Component Interfaces
Applications usually communicate with other software systems.
Within an application, components interface with each other to provide services
and exchange data. Common causes of failure at interfaces are misunderstanding
of data usage, data lengths, data validation, assumptions, trust relationships,
etc. Understanding the interfaces exposed by components is essential in
exposing security bugs hidden in the interactions between components. The need
for such understanding and testing becomes paramount when third-party software
is used or when the source code is not available for a particular component.

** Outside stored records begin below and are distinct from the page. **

(* Let $(M,g)$ and $(N,h)$ be Riemannian manifolds, $\dim M=m$, and $f:M\to N$ a smooth map such that $\tilde g=g-f^*h$ is positive definite. Let $b:M\to[0,1)$ be the largest eigenvalue of $f^*h$ with respect to $g$. Let $X_1,\dots,X_m$ be a local $g$-orthonormal frame, $\tilde g_{ij}=g(X_i,X_j)-h(df(X_i),df(X_j))$ with inverse $(\tilde g^{ij})$, and define \[ W=\mathrm{trace}_{g-f^*h}(\nabla df)=\sum_{i,j}\tilde g^{ij}\nabla df(X_i,X_j)\in C^\infty(f^{-1}TN),\qquad Z=\sum_{i,j}\tilde g^{ij}h(W,df(X_i))X_j\in C^\infty(TM). \] Then $\|Z\|\leq \frac{\sqrt b}{1-b}\|W\|$ and $\|W\|\leq\frac{\sqrt m}{1-b}\|\nabla df\|$.
   Context: $\nabla df$ is the second fundamental form of $f$ (computed with the Levi-Civita connections of $g$ and $h$), with norm $\|\nabla df\|^2=\sum_{i,j}h(\nabla df(X_i,X_j),\nabla df(X_i,X_j))$; norms of $Z$ and $W$ are taken with respect to $g$ and $h$ respectively. *)

From mathcomp Require Import all_boot all_order all_algebra.
From mathcomp Require Import reals.
Set Implicit Arguments. Unset Strict Implicit. Unset Printing Implicit Defensive.
Import Order.TTheory GRing.Theory Num.Theory.
Local Open Scope ring_scope.

(* Pointwise model: at a point p of M we fix a g-orthonormal frame X_1..X_m of
   T_pM and an h-orthonormal basis of T_{f(p)}N (dim n).  Then
   - df(X_i) is the row i of A : 'M_(m,n);
   - nabla df(X_i,X_j) is B i j : 'rV_n. *)

Definition dotv (R : realType) (n : nat) (u v : 'rV[R]_n) : R := (u *m v^T) 0 0.
Definition normv (R : realType) (n : nat) (u : 'rV[R]_n) : R := Num.sqrt (dotv u u).

Definition pullback_mx (R : realType) (m n : nat) (A : 'M[R]_(m, n)) : 'M[R]_m :=
  A *m A^T.

Definition gtilde_mx (R : realType) (m n : nat) (A : 'M[R]_(m, n)) : 'M[R]_m :=
  1%:M - pullback_mx A.

Definition posdef_mx (R : realType) (m : nat) (S : 'M[R]_m) : Prop :=
  forall v : 'rV[R]_m, v != 0 -> 0 < (v *m S *m v^T) 0 0.

Definition largest_eigenvalue (R : realType) (m : nat) (S : 'M[R]_m) (b : R) : Prop :=
  eigenvalue S b /\ (forall a : R, eigenvalue S a -> a <= b).

Definition Wvec (R : realType) (m n : nat) (A : 'M[R]_(m, n))
  (B : 'I_m -> 'I_m -> 'rV[R]_n) : 'rV[R]_n :=
  \sum_(i < m) \sum_(j < m) (invmx (gtilde_mx A)) i j *: B i j.

Definition Zvec (R : realType) (m n : nat) (A : 'M[R]_(m, n))
  (B : 'I_m -> 'I_m -> 'rV[R]_n) : 'rV[R]_m :=
  \row_(j < m) \sum_(i < m) (invmx (gtilde_mx A)) i j * dotv (Wvec A B) (row i A).

Definition norm2ff (R : realType) (m n : nat) (B : 'I_m -> 'I_m -> 'rV[R]_n) : R :=
  Num.sqrt (\sum_(i < m) \sum_(j < m) dotv (B i j) (B i j)).

From mathcomp Require Import all_boot all_order all_algebra.
From mathcomp Require Import reals ring lra complex.

(* Let S = A A^T be the matrix of f^*h in the frame, so that gtilde = 1 - S.
   Diagonalising S shows x S x^T <= b |x|^2 for every x.  Hence, by
   Cauchy-Schwarz, |w A^T| <= sqrt b |w|, and x gtilde x^T >= (1 - b) |x|^2,
   which gives |y gtilde^-1| <= |y| / (1 - b).  The components of Z are those of
   (W A^T) gtilde^-1, which yields the first estimate.  W is the combination of
   the nabla df(X_i, X_j) with coefficients gtilde^{ij}; every row of gtilde^-1
   has norm at most 1 / (1 - b), so these coefficients have l2-norm at most
   sqrt m / (1 - b), and Cauchy-Schwarz yields the second estimate. *)

Set Implicit Arguments.
Unset Strict Implicit.
Unset Printing Implicit Defensive.
Import Order.TTheory GRing.Theory Num.Theory.
Local Open Scope ring_scope.

Lemma sum_mul_sqr_le (R : realFieldType) (I : finType) (a c : I -> R) :
  (\sum_i a i * c i) ^+ 2 <= (\sum_i a i ^+ 2) * (\sum_i c i ^+ 2).
Proof.
set A := \sum_i a i ^+ 2; set AC := \sum_i a i * c i; set C := \sum_i c i ^+ 2.
have quad_ge0 t : 0 <= t ^+ 2 * A - 2 * t * AC + C.
  have -> : t ^+ 2 * A - 2 * t * AC + C = \sum_i (t * a i - c i) ^+ 2.
    rewrite (eq_bigr (fun i => t ^+ 2 * a i ^+ 2 - 2 * t * (a i * c i) + c i ^+ 2));
      last by move=> i _; ring.
    by rewrite !big_split /= sumrN -!mulr_sumr.
  by apply: sumr_ge0 => i _; apply: sqr_ge0.
have A_ge0 : 0 <= A by apply: sumr_ge0 => i _; apply: sqr_ge0.
have C_ge0 : 0 <= C by apply: sumr_ge0 => i _; apply: sqr_ge0.
have [A0 | A_neq0] := eqVneq A 0.
  have a0 i : a i = 0.
    apply/eqP; rewrite -sqrf_eq0; apply/eqP.
    by move/psumr_eq0P: A0; apply=> // j _; apply: sqr_ge0.
  rewrite /AC big1 => [|i _]; last by rewrite a0 mul0r.
  by rewrite expr0n /= A0 mul0r.
have A_gt0 : 0 < A by rewrite lt_def A_neq0 A_ge0.
have := quad_ge0 (AC / A); have : AC / A * A = AC by rewrite mulfVK.
nra.
Qed.

Lemma le_of_sqr_le_mul (R : realDomainType) (a c : R) :
  0 <= c -> a ^+ 2 <= c * a -> a <= c.
Proof. by move=> c_ge0 a_sqr_le; nra. Qed.

Section RowDot.
Variables (R : realType) (n : nat).
Implicit Types u v : 'rV[R]_n.

Lemma dotvE u v : dotv u v = \sum_k u 0 k * v 0 k.
Proof. by rewrite /dotv mxE; apply: eq_bigr => k _; rewrite mxE. Qed.

Lemma dotvv u : dotv u u = \sum_k u 0 k ^+ 2.
Proof. by rewrite dotvE; apply: eq_bigr => k _; rewrite expr2. Qed.

Lemma dotv_ge0 u : 0 <= dotv u u.
Proof. by rewrite dotvv; apply: sumr_ge0 => k _; apply: sqr_ge0. Qed.

Lemma dotv_eq0 u : (dotv u u == 0) = (u == 0).
Proof.
apply/idP/idP => [|/eqP->]; last by rewrite dotvv big1 // => k _; rewrite mxE expr0n.
rewrite dotvv => /eqP/psumr_eq0P u0; apply/eqP/rowP => k; rewrite mxE.
by apply/eqP; rewrite -sqrf_eq0; apply/eqP; apply: u0 => // j _; apply: sqr_ge0.
Qed.

Lemma normv_ge0 u : 0 <= normv u.
Proof. exact: sqrtr_ge0. Qed.

Lemma sqr_normv u : normv u ^+ 2 = dotv u u.
Proof. by rewrite sqr_sqrtr // dotv_ge0. Qed.

Lemma dotv_le_normv u v : dotv u v <= normv u * normv v.
Proof.
rewrite (le_trans (ler_norm _)) // -sqrtrM ?dotv_ge0 // -sqrtr_sqr.
by rewrite ler_wsqrtr // dotvE !dotvv sum_mul_sqr_le.
Qed.

Lemma normv_sum_scale_le (I : finType) (c : I -> R) (u : I -> 'rV[R]_n) :
  normv (\sum_p c p *: u p) <=
    Num.sqrt (\sum_p c p ^+ 2) * Num.sqrt (\sum_p dotv (u p) (u p)).
Proof.
rewrite -sqrtrM ?sumr_ge0 // => [|p _]; last exact: sqr_ge0.
apply: ler_wsqrtr; rewrite dotvv.
under eq_bigr => k _ do (rewrite summxE; under eq_bigr => p _ do rewrite mxE).
apply: (@le_trans _ _ (\sum_k (\sum_p c p ^+ 2) * \sum_p u p 0 k ^+ 2)).
  by apply: ler_sum => k _; apply: sum_mul_sqr_le.
rewrite -mulr_sumr exchange_big.
apply: ler_wpM2l; first by apply: sumr_ge0 => p _; apply: sqr_ge0.
by apply: ler_sum => p _; rewrite dotvv.
Qed.

Lemma normv_delta (i : 'I_n) : normv (delta_mx 0 i : 'rV[R]_n) = 1.
Proof.
rewrite /normv dotvv (bigD1 i) //= big1 => [|j j_neq_i]; last first.
  by rewrite mxE eqxx /= (negbTE j_neq_i) expr0n.
by rewrite addr0 mxE !eqxx expr1n sqrtr1.
Qed.

End RowDot.

Lemma posdef_mx_unit (R : realType) (m : nat) (S : 'M[R]_m) :
  posdef_mx S -> S \in unitmx.
Proof.
move=> S_pos; rewrite -row_free_unit -kermx_eq0; apply/eqP/row_matrixP => i.
rewrite row0; apply/eqP/negP => /negP ker_i.
by have := S_pos _ ker_i; rewrite -row_mul mulmx_ker row0 mul0mx mxE ltxx.
Qed.

Lemma eigenvalue_spectral_diag (C : numClosedFieldType) (n : nat) (M : 'M[C]_n)
    (k : 'I_n) :
  M \is normalmx -> eigenvalue M (spectral_diag M 0 k).
Proof.
move=> /orthomx_spectralP M_spec; set P := spectralmx M in M_spec.
have P_unit : P \in unitmx := spectral_unit M.
apply/eigenvalueP; exists (row k P).
  have -> : row k P *m M = row k (diag_mx (spectral_diag M) *m P).
    by rewrite -row_mul {1}M_spec !mulmxA mulmxV // mul1mx.
  by rewrite row_mul row_diag_mx -scalemxAl -rowE.
rewrite rowE -(mul0mx _ P) (inj_eq (row_free_inj _)) ?row_free_unit //.
by apply/eqP => /matrixP/(_ 0 k)/eqP; rewrite !mxE !eqxx oner_eq0.
Qed.

Section RealSymmetric.
Variable R : realType.
Local Notation phi := (real_complex R).
Local Open Scope sesquilinear_scope.

Lemma conjC_real_complex (r : R) : (phi r)^* = phi r.
Proof. by apply: conj_Creal; apply/complex_realP; exists r. Qed.

Lemma eigenvalue_map_real_complex (m : nat) (S : 'M[R]_m) (r : R) :
  eigenvalue (map_mx phi S) (phi r) = eigenvalue S r.
Proof. by rewrite !eigenvalue_root_char -map_char_poly fmorph_root. Qed.

Lemma map_real_complex_hermsymmx (m : nat) (S : 'M[R]_m) :
  S^T = S -> map_mx phi S \is hermsymmx.
Proof.
move=> S_sym; apply/is_hermitianmxP; rewrite expr0 scale1r.
by apply/matrixP => i j; rewrite !mxE -[in LHS]S_sym mxE conjC_real_complex.
Qed.

Lemma spectral_diag_le_largest_eigenvalue (m : nat) (S : 'M[R]_m) (b : R)
    (k : 'I_m) :
  S^T = S -> largest_eigenvalue S b ->
  exists2 r, spectral_diag (map_mx phi S) 0 k = phi r & r <= b.
Proof.
move=> /map_real_complex_hermsymmx S_herm [_ b_max].
have /mxOverP/(_ 0 k)/complex_realP[r d_k] := hermitian_spectral_diag_real S_herm.
exists r => //; apply: b_max; rewrite -eigenvalue_map_real_complex -d_k.
exact/eigenvalue_spectral_diag/hermitian_normalmx.
Qed.

Lemma quad_le_largest_eigenvalue (m : nat) (S : 'M[R]_m) (b : R) (x : 'rV[R]_m) :
  S^T = S -> largest_eigenvalue S b -> (x *m S *m x^T) 0 0 <= b * dotv x x.
Proof.
(* Over C, S = P^-1 diag(d) P with P unitary; for y = x P^* both sides become
   sums over k of d_k |y_k|^2 and b |y_k|^2, and each d_k is an eigenvalue of S. *)
move=> S_sym b_largest; set SC := map_mx phi S.
have /hermitian_normalmx/orthomx_spectralP SC_spec := map_real_complex_hermsymmx S_sym.
set P := spectralmx SC in SC_spec; set d := spectral_diag SC in SC_spec.
have P_unitary : P \is unitarymx := spectral_unitarymx SC.
set xC := map_mx phi x.
have phi_entry (M : 'M[R]_1) : phi (M 0 0) = map_mx phi M 0 0 by rewrite mxE.
have xC_tr : xC^T = xC^t* by apply/matrixP => i j; rewrite !mxE conjC_real_complex.
pose y := xC *m P^t*.
have y_norm : xC *m xC^T = y *m y^t*.
  rewrite /y trmx_mul map_mxM trmxCK mulmxA mulmxKtV //; congr (_ *m _); exact: xC_tr.
have y_quad : xC *m SC *m xC^T = y *m diag_mx d *m y^t*.
  rewrite /y /SC SC_spec invmx_unitary // trmx_mul map_mxM trmxCK !mulmxA.
  by congr (_ *m _); exact: xC_tr.
rewrite -lecR rmorphM /dotv phi_entry [X in _ <= _ * X]phi_entry !map_mxM -!map_trmx.
rewrite -/SC -/xC y_quad y_norm.
rewrite mul_mx_diag !mxE mulr_sumr; apply: ler_sum => k _; rewrite !mxE.
have [r -> r_le_b] := spectral_diag_le_largest_eigenvalue k S_sym b_largest.
rewrite mulrAC [X in X <= _]mulrC.
by apply: ler_wpM2r; [rewrite mul_conjC_ge0 | rewrite lecR].
Qed.

End RealSymmetric.

Section Pullback.
Variables (R : realType) (m n : nat) (A : 'M[R]_(m, n)) (b : R).
Local Notation S := (pullback_mx A).
Local Notation G := (gtilde_mx A).
Hypothesis b_largest : largest_eigenvalue S b.

Lemma pullback_mx_sym : S^T = S.
Proof. by rewrite /pullback_mx trmx_mul trmxK. Qed.

Lemma pullback_quad (x : 'rV[R]_m) : (x *m S *m x^T) 0 0 = dotv (x *m A) (x *m A).
Proof. by rewrite /dotv /pullback_mx trmx_mul !mulmxA. Qed.

Lemma gtilde_quad (x : 'rV[R]_m) :
  (x *m G *m x^T) 0 0 = dotv x x - (x *m S *m x^T) 0 0.
Proof. by rewrite /gtilde_mx mulmxBr mulmx1 mulmxBl mxE [X in _ + X]mxE. Qed.

Lemma pullback_eigenvalue_ge0 : 0 <= b.
Proof.
case: b_largest => /eigenvalueP[v v_eigen v_neq0] _.
have v_gt0 : 0 < dotv v v by rewrite lt_def dotv_eq0 v_neq0 dotv_ge0.
have := dotv_ge0 (v *m A); rewrite -pullback_quad v_eigen -scalemxAl mxE.
by rewrite pmulr_lge0.
Qed.

Lemma normv_mul_tr_le (w : 'rV[R]_n) : normv (w *m A^T) <= Num.sqrt b * normv w.
Proof.
set v := w *m A^T.
have v_sqr : dotv v v = dotv w (v *m A) by rewrite /dotv [in RHS]trmx_mul mulmxA.
have vA_le : normv (v *m A) <= Num.sqrt b * normv v.
  rewrite -sqrtrM ?pullback_eigenvalue_ge0 // ler_wsqrtr // -pullback_quad.
  exact: quad_le_largest_eigenvalue pullback_mx_sym b_largest.
apply: le_of_sqr_le_mul; first by rewrite mulr_ge0 ?sqrtr_ge0 ?normv_ge0.
rewrite sqr_normv v_sqr (le_trans (dotv_le_normv _ _)) // -mulrA mulrCA.
by rewrite ler_wpM2l ?normv_ge0.
Qed.

Hypothesis G_posdef : posdef_mx G.

Lemma pullback_eigenvalue_lt1 : b < 1.
Proof.
case: b_largest => /eigenvalueP[v v_eigen v_neq0] _.
have v_gt0 : 0 < dotv v v by rewrite lt_def dotv_eq0 v_neq0 dotv_ge0.
have := G_posdef v_neq0; rewrite gtilde_quad v_eigen -scalemxAl mxE.
by rewrite -[X in X - _]mul1r -mulrBl pmulr_lgt0 // subr_gt0.
Qed.

Lemma gtilde_quad_ge (x : 'rV[R]_m) : (1 - b) * dotv x x <= (x *m G *m x^T) 0 0.
Proof.
rewrite gtilde_quad mulrBl mul1r lerD2l lerN2.
exact: quad_le_largest_eigenvalue pullback_mx_sym b_largest.
Qed.

Lemma normv_mul_invmx_le (x : 'rV[R]_m) : normv (x *m invmx G) <= normv x / (1 - b).
Proof.
set y := x *m invmx G.
have x_eq : x = y *m G by rewrite /y mulmxKV // posdef_mx_unit.
have y_sqr_le : (1 - b) * normv y ^+ 2 <= normv x * normv y.
  rewrite sqr_normv (le_trans (gtilde_quad_ge y)) //.
  by rewrite -x_eq; exact: dotv_le_normv.
rewrite ler_pdivlMr ?subr_gt0 ?pullback_eigenvalue_lt1 //.
have := normv_ge0 x; have := normv_ge0 y; have := pullback_eigenvalue_lt1; nra.
Qed.

Lemma sqrt_sum_sqr_invmx_le :
  Num.sqrt (\sum_i \sum_j invmx G i j ^+ 2) <= Num.sqrt m%:R / (1 - b).
Proof.
have b_lt1 := pullback_eigenvalue_lt1.
have row_le (i : 'I_m) : \sum_j invmx G i j ^+ 2 <= (1 - b)^-2.
  have -> : \sum_j invmx G i j ^+ 2 = normv (row i (invmx G)) ^+ 2.
    by rewrite sqr_normv dotvv; apply: eq_bigr => j _; rewrite mxE.
  rewrite -exprVn ler_pXn2r ?nnegrE ?invr_ge0 ?subr_ge0 ?normv_ge0 ?(ltW b_lt1) //.
  by have := normv_mul_invmx_le (delta_mx 0 i); rewrite normv_delta mul1r -rowE.
have -> : Num.sqrt m%:R / (1 - b) = Num.sqrt (m%:R * (1 - b)^-2).
  by rewrite sqrtrM ?ler0n // -exprVn sqrtr_sqr ger0_norm // invr_ge0 subr_ge0 ltW.
rewrite ler_wsqrtr // (le_trans (ler_sum _ (fun i _ => row_le i))) //.
by rewrite sumr_const card_ord mulr_natl.
Qed.

Lemma ZvecE (B : 'I_m -> 'I_m -> 'rV[R]_n) :
  Zvec A B = Wvec A B *m A^T *m invmx G.
Proof.
apply/rowP => j; rewrite !mxE; apply: eq_bigr => i _; rewrite mulrC dotvE !mxE.
by congr (_ * _); apply: eq_bigr => k _; rewrite !mxE.
Qed.

End Pullback.

Theorem lemma2p2 (R : realType) (m n : nat) (A : 'M[R]_(m, n))
  (B : 'I_m -> 'I_m -> 'rV[R]_n) (b : R) :
  (forall i j, B i j = B j i) ->
  posdef_mx (gtilde_mx A) ->
  largest_eigenvalue (pullback_mx A) b ->
  normv (Zvec A B) <= Num.sqrt b / (1 - b) * normv (Wvec A B) /\
  normv (Wvec A B) <= Num.sqrt (m%:R) / (1 - b) * norm2ff B.
Proof.
move=> _ G_posdef b_largest.
have b_lt1 := pullback_eigenvalue_lt1 b_largest G_posdef.
split.
- rewrite ZvecE (le_trans (normv_mul_invmx_le b_largest G_posdef _)) //.
  by rewrite mulrAC ler_pM2r ?invr_gt0 ?subr_gt0 // normv_mul_tr_le.
- have := sqrt_sum_sqr_invmx_le b_largest G_posdef; rewrite pair_bigA /= => Ginv_le.
  rewrite /Wvec /norm2ff !pair_bigA /= (le_trans (normv_sum_scale_le _ _)) //.
  by rewrite ler_wpM2r ?sqrtr_ge0.
Qed.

Another important benefit of understanding component interfaces is validation
of principles of compartmentalization. The basic idea behind
compartmentalization is to minimize the amount of damage that can be done to a
system by breaking up the system into as few units as possible while still
isolating code that has security privileges [McGraw 02]. Test cases can be
developed to validate compartmentalization and to explore failure behavior of
components in the event of security violations and how the failure affects
other components.
Configuration
In many cases, software comes with various parameters set by
default, possibly with no regard for security. Often, functional testing is
performed only with the default settings, thus leaving sections of code related
to non-default settings untested. Two main concerns with configuration
parameters with respect to security are storing sensitive data in configuration
files and configuration parameters changing the flow of execution paths. For
example, user privileges, user roles, or user passwords are stored in the
configuration files, which could be manipulated to elevate privilege, change
roles, or access the system as a valid user. Configuration settings that change
the path of execution could exercise vulnerable code sections that were not
developed with security in mind. The change of flow also applies to cases where
the settings are changed from one security level to another, where the code
sections are developed with security in mind. For example, changing an endpoint
from requiring authentication to not
requiring authentication means the endpoint can be accessed by everyone. When a
system has multiple configurable options, testing all combinations of
configuration can be time consuming; however, with access to source code, a
risk-based approach can help in selecting combinations that have higher
probability in exposing security violations. In addition, coverage analysis should
aid in determining gaps in test coverage of code paths.
Error handling
The most neglected code paths during the testing process are error
handling routines. Error handling in this paper includes exception handling,
error recovery, and fault tolerance routines. Functionality tests are normally
geared towards validating requirements, which generally do not describe
negative (or error) scenarios. Even when negative functional tests are created,
they don’t test for non-normative behavior or extreme error conditions, which
can have security implications. For example, functional stress testing is not
performed with an objective to break the system to expose security
vulnerability. Validating the error handling behavior of the system is critical
during security testing, especially subjecting the system to unusual and
unexpected error conditions. Unusual errors are those that have a low
probability of occurrence during normal usage. Unexpected errors are those that
are not explicitly specified in the design specification, and the developers
did not think of handling the error. For example, a system call may throw an
”unable to load library” error, which may not be explicitly listed in the
design documentation as an error to be handled. All aspects of error handling
should be verified and validated, including error propagation, error
observability, and error recovery. Error propagation is how the errors are
propagated through the call chain. Error observability is how the error is
identified and what parameters are passed as error messages. Error recovery is
getting back to a state conforming to specifications. For example, return codes
for errors may not be checked, leading to uninitialized variables and garbage
data in buffers; if the memory is manipulated before causing a failure, the
uninitialized memory may contain attacker-supplied data. Another common mistake
to look for is when sensitive information is included as part of the error
messages.
Tools
Source Code Analysis
Source code analysis is the process of checking source code for
coding problems based on a fixed set of patterns or rules that might indicate
possible security vulnerabilities. Static analysis tools scan the source code
and automatically detect errors that typically pass through compilers and
become latent problems. The strength of static analysis depends on the fixed
set of patterns or rules used by the tool; static analysis does not find all
security issues. The output of the static analysis tool still requires human
evaluation. For white box testing, the results of the source code analysis
provide a useful insight into the security posture of the application and aid
in test case development. White box testing should verify that the potential
vulnerabilities uncovered by the static tool do not lead to security
violations. Some static analysis tools provide data-flow and control-flow
analysis support, which are useful during test case development.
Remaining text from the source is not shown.